The World Health Organization (WHO) on Tuesday declared that Africa was free of wild poliovirus , a landmark in a decades-long campaign to eradicate the notorious disease around the world.

"Today is a historic day for Africa," said Professor Rose Gana Fomban Leke, whose commission certified that no polio cases had occurred on the continent for the past four years, the threshold for eradication.

Poliovirus now joins smallpox on the list of viruses that have been wiped out in Africa, the WHO said.

While many African countries haven't had a case of wild polio in years, since 1996, eradication efforts "have prevented up to 1.8 million children from crippling life-long paralysis and saved approximately 180,000 lives," the UN agency said.

Poliomyelitis - the medical term for polio - is an acutely infectious and contagious virus which attacks the spinal cord and causes irreversible paralysis in children.

It was endemic around the world until a vaccine was found in the 1950s, though this remained out of reach for many poorer countries in Asia and Africa.

In 1988, when the WHO, UNICEF and Rotary launched the worldwide campaign to eradicate the disease, there were 350,000 cases globally. In 1996, there were more than 70,000 cases in Africa alone.

Thanks to a global effort and financial backing - some US$19 billion over 30 years - only Afghanistan and Pakistan have recorded cases this year: 87 in total.

Jihadist attacks

Poliovirus is typically spread in the faeces of an infected person and is picked up through contaminated water or food.

Vaccinating people to prevent them from becoming infected thus breaks the cycle of transmission and eventually eradicates the virus in the wild.

The last case of polio in Africa was detected in 2016 in Nigeria, where vaccination had been violently opposed by jihadists who claimed it was a plot to sterilise Muslims.

More than 20 workers involved in the campaign lost their lives.

"This is a momentous milestone for Africa. Now future generations of African children can live free of wild polio," said Matshidiso Moeti, the WHO's regional director for Africa.

"This historic achievement was only possible thanks to the leadership and commitment of governments, communities, global polio eradication partners and philanthropists," Moeti said.

"I pay special tribute to the frontline health workers and vaccinators, some of whom lost their lives, for this noble cause."
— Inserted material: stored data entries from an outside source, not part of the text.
(* Let $\ell\ge2$ be an integer and $d=2^\ell-1$. Then the $d$-dimensional hypercube $Q_d$ has a spanning 2-connected subgraph $H$ with $\mathsf{tvc}(H)\le 2\,(2^{d-\ell}+2^{d/2-\ell})$.
   Context: $Q_d$ is the graph on $\{0,1\}^d$ in which two vectors are adjacent iff they differ in exactly one coordinate. A total vertex cover of a graph $H$ is a set $S\subseteq V(H)$ that is a vertex cover (every edge has an endpoint in $S$) and a total dominating set (every vertex of $H$, including those in $S$, has a neighbour in $S$); $\mathsf{tvc}(H)$ is the minimum size of a total vertex cover. *)

From HB Require Import structures.
From mathcomp Require Import all_boot all_order all_algebra.
Set Implicit Arguments. Unset Strict Implicit. Unset Printing Implicit Defensive.

Definition cube (d : nat) := {ffun 'I_d -> bool}.

Definition cube_adj (d : nat) : rel (cube d) :=
  fun u v => #|[set i : 'I_d | u i != v i]| == 1.

Section Graphs.
Variable T : finType.

Definition spanning_subgraph (G H : rel T) : Prop :=
  symmetric H /\ subrel H G.

Definition connected_on (E : rel T) (S : {set T}) : Prop :=
  forall x y, x \in S -> y \in S ->
    connect [rel a b | [&& E a b, a \in S & b \in S]] x y.

Definition two_connected (E : rel T) : Prop :=
  2 < #|T| /\ connected_on E setT /\
  forall v : T, connected_on E [set~ v].

Definition is_tvc (E : rel T) (S : {set T}) : bool :=
  [forall x, forall y, E x y ==> (x \in S) || (y \in S)] &&
  [forall x, exists y, (y \in S) && E x y].

(* Minimum size of a total vertex cover (#|T|.+1 standing for +infinity
   if none exists). *)
Definition tvc (E : rel T) : nat :=
  \big[minn/#|T|.+1]_(S : {set T} | is_tvc E S) #|S|.
End Graphs.

(* Index the coordinates of Q_d, d = 2^l - 1, by the nonzero points (a, x)
   of F_2 x F_2^(l-1).  For a vertex v let ypar v be the parity of its
   support among the points with a = 1, and xsum v, ysum v the sums of the
   x over its support among the points with a = 0, resp. a = 1.  The Hamming
   code C = {ypar = 0, xsum = ysum} and, for an injective linear M, the code
   D = {ypar = 1, xsum = M ysum} are disjoint perfect codes of size
   2^(d-l); so every vertex has a neighbour in S = C u D, and S is a total
   vertex cover of the graph H of all cube edges meeting S.  This gives
   tvc(H) <= 2^(d-l+1), slightly better than the stated bound.

   Moving from a word of C to a nearby word of D and back ("hops") realises,
   once M shifts a basis of F_2^(l-1), translations by all weight-three
   codewords; these span C, so H is connected.  After deleting a vertex w,
   the neighbours of w are still joined, around w, by commuting squares of
   hops when x + M x = 0 only for x = 0, or directly when M is the identity.
   M = multiplication by X modulo X^(l-1) + X + 1 (the identity when l = 2)
   has these properties. *)

From HB Require Import structures.
From mathcomp Require Import all_boot all_order all_algebra.
From mathcomp Require Import zify.
From Stdlib Require Import Btauto.
Import Order.TTheory GRing.Theory Num.Theory.
Set Implicit Arguments. Unset Strict Implicit. Unset Printing Implicit Defensive.
Local Open Scope ring_scope.

Lemma addbE (a b : bool) : a + b = xorb a b. Proof. by case: a; case: b. Qed.
Lemma xorbE (a b : bool) : a (+) b = xorb a b. Proof. by case: a; case: b. Qed.
Lemma zerobE : 0 = false :> bool. Proof. by []. Qed.

(* Boolean identities in [btauto]'s language, after the coordinates [f j]
   of vectors (which may carry different but convertible type annotations)
   have been generalized. *)
Ltac bool_taut :=
  rewrite ?addbE ?xorbE ?zerobE;
  repeat match goal with |- context [@fun_of_fin ?A ?B ?C ?f ?j] =>
    let t := fresh "t" in set t := @fun_of_fin A B C f j; clearbody t end;
  match goal with |- ?a = ?b => change (a = b :> bool) end; btauto.

Ltac bool_vec :=
  repeat match goal with x := _ |- _ => clearbody x end;
  apply/ffunP => ?; rewrite ?ffunE; bool_taut.

Section BoolVectors.
Variable I : finType.
Implicit Types u v : {ffun I -> bool}.

Lemma addvv u : u + u = 0. Proof. by bool_vec. Qed.

Lemma addvKl u v : u + (u + v) = v. Proof. by bool_vec. Qed.

Lemma addv_eq0 u v : (u + v == 0) = (u == v).
Proof. by apply/eqP/eqP => [h|->]; [rewrite -(addvKl u v) h addr0 | exact: addvv]. Qed.

Lemma addv_neq u v : v != 0 -> u + v != u.
Proof. by apply: contra => /eqP h; rewrite -(addvKl u v) h addvv. Qed.

End BoolVectors.

Section Cube.
Variable n : nat.
Implicit Types u v : cube n.

Definition unitv (i : 'I_n) : cube n := [ffun j => j == i].

Lemma cube_adjP u v : reflect (exists i, v = u + unitv i) (cube_adj u v).
Proof.
apply: (iffP cards1P) => [[i hi]|[i ->]]; exists i.
  apply/ffunP => j; move/setP: hi => /(_ j); rewrite !inE !ffunE.
  by case: (j == i); case: (u j); case: (v j).
by apply/setP => j; rewrite !inE !ffunE; case: (u j); case: (j == i).
Qed.

Lemma cube_adj_unitv u i : cube_adj u (u + unitv i).
Proof. by apply/cube_adjP; exists i. Qed.

Lemma cube_adj_sym : symmetric (@cube_adj n).
Proof.
move=> u v; rewrite /cube_adj; congr (_ == _); apply: eq_card => j.
by rewrite !inE eq_sym.
Qed.

Lemma sum_unitv u : \sum_(i | u i) unitv i = u.
Proof.
apply/ffunP => j; rewrite sum_ffunE big_mkcond (bigD1 j) //= big1 => [|i ij].
  by rewrite !ffunE eqxx; case: (u j).
by rewrite !ffunE eq_sym (negbTE ij); case: (u i).
Qed.

Lemma unitv_neq0 i : unitv i != 0.
Proof. by apply/eqP => /ffunP /(_ i); rewrite !ffunE eqxx. Qed.

Lemma cube_adj_irr u : ~~ cube_adj u u.
Proof.
by apply/cube_adjP => -[i /esym/eqP]; rewrite (negbTE (addv_neq u (unitv_neq0 i))).
Qed.

Lemma card_cube : #|cube n| = (2 ^ n)%N.
Proof. by rewrite card_ffun card_bool card_ord. Qed.

Definition weight u := #|[set i | u i]|.

Lemma weight_unitv u i : u i -> weight u = (weight (u + unitv i)).+1.
Proof.
move=> ui; rewrite /weight (cardsD1 i) inE ui add1n; congr _.+1; apply: eq_card => k.
rewrite !inE !ffunE; case: (k =P i) => [->|/eqP ki]; rewrite ?eqxx ?ui //=.
by rewrite addr0.
Qed.

Lemma weight_addS u i : (weight (u + unitv i)%R <= (weight u).+1)%N.
Proof.
apply: (@leq_trans #|i |: [set k | u k]|); last by rewrite cardsU1; case: (_ \notin _).
apply/subset_leq_card/subsetP => k; rewrite !inE !ffunE.
by case: (k =P i) => //= _; rewrite addr0.
Qed.

Lemma card_packing (L : {set cube n}) (P : finType) (e : P -> cube n) :
  (forall c c' p p', c \in L -> c' \in L -> c + e p = c' + e p' -> p = p') ->
  (#|L| * #|P| <= 2 ^ n)%N.
Proof.
move=> he; pose f (x : cube n * P) := x.1 + e x.2.
have inj_f : {in setX L [set: P] &, injective f}.
  move=> [c p] [c' p']; rewrite !inE /= !andbT /f /= => hc hc' h.
  by have ep := he _ _ _ _ hc hc' h; subst p'; rewrite (addIr _ h).
rewrite -cardsT -cardsX -card_cube -(card_in_imset inj_f); exact: max_card.
Qed.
The declaration, made at a ministerial-level virtual conference on health issues in Africa, coincided with an announcement in Democratic Republic of Congo that a 25-month epidemic of measles that killed more than 7,000 children was now over, thanks to a massive immunisation effort.

Togo, meanwhile, said it had become the first African country to stop transmission of human African trypanosomiasis - the insect-borne disease known as sleeping sickness.

Joy in Nigeria

Health workers in Nigeria were jubilant at the polio announcement.

"Happiness is an understatement. We've been on this marathon for over 30 years," said Tunji Funsho, a Nigerian doctor and local anti-polio coordinator for Rotary International.

"It's a real achievement, I feel joy and relief at the same time."

Nigeria, a country with 200 million inhabitants, was still among the polio trouble-spots in the early 2000s.

In its northern Muslim-majority areas, authorities were forced to stop vaccination campaigns in 2003 and 2004 by Islamic extremists.

It took a huge effort in tandem with traditional chiefs and religious leaders to convince populations that the vaccine was safe.

"People trust their local traditional leaders who live with them more than the political leaders," said Grema Mundube, a community leader in the town of Monguno, in the far north of Nigeria.

"Once we spoke to them and they saw us immunising our children they gradually accepted the vaccine," he told AFP.

However, the emergence of violent Islamist group Boko Haram in 2009 caused another rupture in the programme. In 2016, four new cases were discovered in Borno state in the northeast in the heart of the conflict.

"At the time, we couldn't reach two-thirds of the children of Borno state - 400,000 children couldn't access the vaccine," said Dr Funsho.

In "partially accessible" areas, vaccination teams worked under the protection of the Nigerian army and local self-defence militias.

For areas fully controlled by the jihadists, the WHO and its partners sought to intercept people coming in and out along market and transport routes in a bid to spread medical information and recruit "health informants" who could tell them about any polio cases.

Today, it is estimated that only 30,000 children are still "inaccessible", but this number is considered too low by scientists to allow for an epidemic to break out.

The next step is to ensure that Africa is shielded from any polio cases from Pakistan or Afghanistan and continue vaccinations of children to ensure that communities are safe.